→ Assignment: Transcribe exactly everything in the data below from the line containing "(* its cardinality" down to the line containing "F(n)^2 - 4 and", both lines included and nothing further.

→ Data supplied:
* * * *

(* Let $F(n)$ be the Fibonacci sequence, $F(0)=0$, $F(1)=1$, $F(n+2)=F(n+1)+F(n)$. Then $$\lim_{\alpha\to\infty}\frac{|\{F(n)\bmod 11^\alpha:n\ge0\}|}{11^\alpha}=\frac{145}{264}.$$ *)

From HB Require Import structures.
From mathcomp Require Import all_boot all_order all_algebra.
From mathcomp Require Import finmap.
From mathcomp Require Import all_classical all_reals all_analysis.
Set Implicit Arguments. Unset Strict Implicit. Unset Printing Implicit Defensive.

Fixpoint fib (n : nat) : nat :=
  match n with
  | 0 => 0
  | 1 => 1
  | (m.+1 as k).+1 => fib k + fib m
  end.

Definition fib_residues (m : nat) : set nat := [set fib n %% m | n in [set: nat]].

(* its cardinality (it is finite, being contained in [0, m)) *)
Definition num_fib_residues (m : nat) : nat := #|` fset_set (fib_residues m)|.

(* The Fibonacci sequence has period 10 modulo 11, and F(10 11^b) = 5 11^(b+1),
   F(10 11^b + 1) = 1 + 8 11^(b+1) modulo 11^(b+2).  Hence translating n by
   k 10 11^b moves F(n) by k 11^(b+1) (5 F(n+1) + 3 F(n)) modulo 11^(b+2), and a
   Hensel argument applies on every class n = j (mod 10) whose slope
   5 F(j+1) + 3 F(j) is prime to 11: that is every j but 5, and these classes
   reach exactly the lifts of six residues mod 11, i.e. 6 11^a residues mod
   11^(a+1).  On the class n = 5 (mod 10), n is odd, L(n)^2 = 5 F(n)^2 - 4 and
   11 | L(n); r |-> 5 r^2 - 4 is injective on residues = 5 (mod 11) while the
   Lucas numbers do lift along that class, so these residues are counted by the
   squares of multiples of 11 modulo 11^(a+1), i.e. by the squares modulo
   11^(a-1).  Counting squares modulo powers of 11 (five unit squares mod 11,
   Hensel again) shows that 264 times the number of residues mod 11^a is
   145 11^a + O(1). *)

From HB Require Import structures.
From mathcomp Require Import all_boot all_order all_algebra.
From mathcomp Require Import finmap.
From mathcomp Require Import all_classical all_reals all_analysis.
From mathcomp Require Import ring zify.
Import Order.TTheory GRing.Theory Num.Theory.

* * * *

→ Your solution:
(* its cardinality (it is finite, being contained in [0, m)) *)
Definition num_fib_residues (m : nat) : nat := #|` fset_set (fib_residues m)|.

(* The Fibonacci sequence has period 10 modulo 11, and F(10 11^b) = 5 11^(b+1),
   F(10 11^b + 1) = 1 + 8 11^(b+1) modulo 11^(b+2).  Hence translating n by
   k 10 11^b moves F(n) by k 11^(b+1) (5 F(n+1) + 3 F(n)) modulo 11^(b+2), and a
   Hensel argument applies on every class n = j (mod 10) whose slope
   5 F(j+1) + 3 F(j) is prime to 11: that is every j but 5, and these classes
   reach exactly the lifts of six residues mod 11, i.e. 6 11^a residues mod
   11^(a+1).  On the class n = 5 (mod 10), n is odd, L(n)^2 = 5 F(n)^2 - 4 and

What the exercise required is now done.